If we look at the 2012 Microsoft advisories versus 2012 Microsoft CVE versus 2012 Microsoft total vulnerabilities, and do a percentage breakdown by severity, you can see heavy bias. We will use the following breakdown of CVSS scores to determine severity: 9 – 10 = critical, 7 – 8.9 = important, 4 – 6.9 = moderate, 0 – 3.9 = low.
|2012 Advisories (83)||35 (42.2%)||46 (55.4%)||2 (2.4%)||–|
|2012 CVE (160)||100 (62.5%)||18 (11.3%)||39 (24.4%)||3 (1.8%)|
|2012 Total (176)||101 (57.4%)||19 (10.8%)||41 (23.3%)||15 (8.5%)|
It isn’t easy to see the big shifts in totals in a chart, but it is important to establish the numbers involved when displaying any type of chart or visual representation. If we look at those three breakdowns using simple pie charts, the shifts become much more apparent:
The visual jump in critical vulnerabilities from the first to the second two charts is distinct. In addition, notice the jump from the first two charts to the third in regards to the low severity vulnerabilities and that they didn’t even make an appearance on the first chart. This is a simple example of how the “same” vulnerabilities can be represented, based on terminology and the source of data. If you want to get pedantic, there are additional considerations that must be factored into these vulnerabilities.
In no particular order, these are other points that should not only be considered, but disclaimed in any presentation of the data above. While it may seem minor, at least one of these points could further skew vulnerability counts and severity distribution.

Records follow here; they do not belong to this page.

(* Left of c0 this is the chain rule; at c0 the bound (c0 - y)^b <= eps (c0 - y) for
   c0 - y < eps^(1/(b-1)) shows the derivative vanishes; right of c0, h = 0. *)
Lemma gap_pow_fderiv b c0 q : 1 < b -> fderiv1 (gap_pow b c0) q (gap_pow_deriv b c0 q).
Proof.
  intros Hb. destruct (Rtotal_order q c0) as [Hlt | [Heq | Hgt]].
  - unfold gap_pow_deriv at 1. destruct (Rlt_dec q c0); [| lra].
    apply (fderiv1_local _ (fun y => Rpower (c0 - y) b) _ _ (c0 - q)); [lra | |].
    + intros y Hy. unfold gap_pow. destruct (Rlt_dec y c0) as [| Hn]; [reflexivity |].
      exfalso; apply Hn; apply Rabs_def2 in Hy. lra.
    + assert (H := derivable_pt_lim_comp (minus_fct (fct_cte c0) id) (fun x => Rpower x b)
                     q (0 - 1) _
                     (derivable_pt_lim_minus _ _ q _ _ (derivable_pt_lim_const c0 q)
                        (derivable_pt_lim_id q))
                     (derivable_pt_lim_power (minus_fct (fct_cte c0) id q) b
                        ltac:(unfold minus_fct, fct_cte, id; lra))).
      apply fderiv1_of_derivable in H. eapply fderiv1_ext; [| | exact H].
      * intros y. reflexivity.
      * unfold minus_fct, fct_cte, id. ring.
  - subst q. unfold gap_pow_deriv. destruct (Rlt_dec c0 c0); [lra |].
    intros eps He. exists (Rpower eps (/ (b - 1))). split; [apply Rpower_pos |].
    intros y Hy. unfold gap_pow. destruct (Rlt_dec c0 c0); [lra |].
    destruct (Rlt_dec y c0) as [Hy0 | Hy0].
    + rewrite Rabs_left in Hy by lra.
      assert (E : Rpower (c0 - y) b = Rpower (c0 - y) (b - 1) * (c0 - y)).
      { replace b with ((b - 1) + 1) at 1 by ring. rewrite Rpower_plus, Rpower_1; [ring | lra]. }
      assert (Hle : Rpower (c0 - y) (b - 1) <= eps).
      { replace eps with (Rpower (Rpower eps (/ (b - 1))) (b - 1)).
        - apply Rle_Rpower_l; lra.
        - rewrite Rpower_mult. replace (/ (b - 1) * (b - 1)) with 1 by (field; lra).
          apply Rpower_1; exact He. }
      pose proof (Rpower_pos (c0 - y) (b - 1)).
      rewrite E. replace (Rpower (c0 - y) (b - 1) * (c0 - y) - 0 - 0 * (y - c0))
        with (Rpower (c0 - y) (b - 1) * (c0 - y)) by ring.
      rewrite Rabs_right by nra. rewrite (Rabs_left (y - c0)) by lra. nra.
    + replace (0 - 0 - 0 * (y - c0)) with 0 by ring. rewrite Rabs_R0.
      pose proof (Rabs_pos (y - c0)); nra.
  - unfold gap_pow_deriv at 1. destruct (Rlt_dec q c0); [lra |].
    apply (fderiv1_local _ (fun _ => 0) _ _ (q - c0)); [lra | | apply fderiv1_const].
    intros y Hy. unfold gap_pow. destruct (Rlt_dec y c0); [| reflexivity].
    apply Rabs_def2 in Hy. lra.
Qed.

- MS12-080 Only contains 1 CVE if you look at immediate identifiers, but also contains 2 more CVE in the fine print related to Oracle Outside In, which is used by the products listed in the advisory.
- MS12-058 actually has no immediate CVEs! If you read the fine print, it actually covers 13 vulnerabilities. Again, these are vulnerabilities in Oracle Outside In, which is used in some Microsoft products.
- Of the 176 Microsoft vulnerabilities in 2012, as tracked by OSVDB, 10 do not have CVE identifiers assigned.
- OSVDB 83750 may or may not be a vulnerability, as it is based on a Microsoft KB with uncertain wording. Vague vulnerability disclosures can skew statistics.
- Most of these CVSS scores are taken from the National Vulnerability Database (NVD). NVD outsources CVSS score generation to junior analysts from a large consulting firm. Just as we occasionally have mistakes in our CVSS scores, so does NVD. Overall, the number of scores that have serious errors are low, but they can still introduce a level of error into statistics.
- One of the vulnerabilities (OSVDB 88774 / CVE-2012-4792) has no formal Microsoft advisory, because it is a 0-day that was just discovered two days ago. There will almost certainly be a formal Microsoft advisory in January 2013 that covers it. This highlights a big problem with using vendor advisories for any statistic generation. Vendors generally release advisories when their investigation of the issue has completed, and a formal solution is made available. Generating statistics or graphics off the same vulnerabilities, but using disclosure versus solution date will give two different results.
These are just a few ways that statistics can be manipulated, often by accident, and why presenting as much data and explanation is beneficial to everyone. I certainly hope that SCMagazine and/or CORE will issue a small correction or explanation as to the what the “83” number really represents.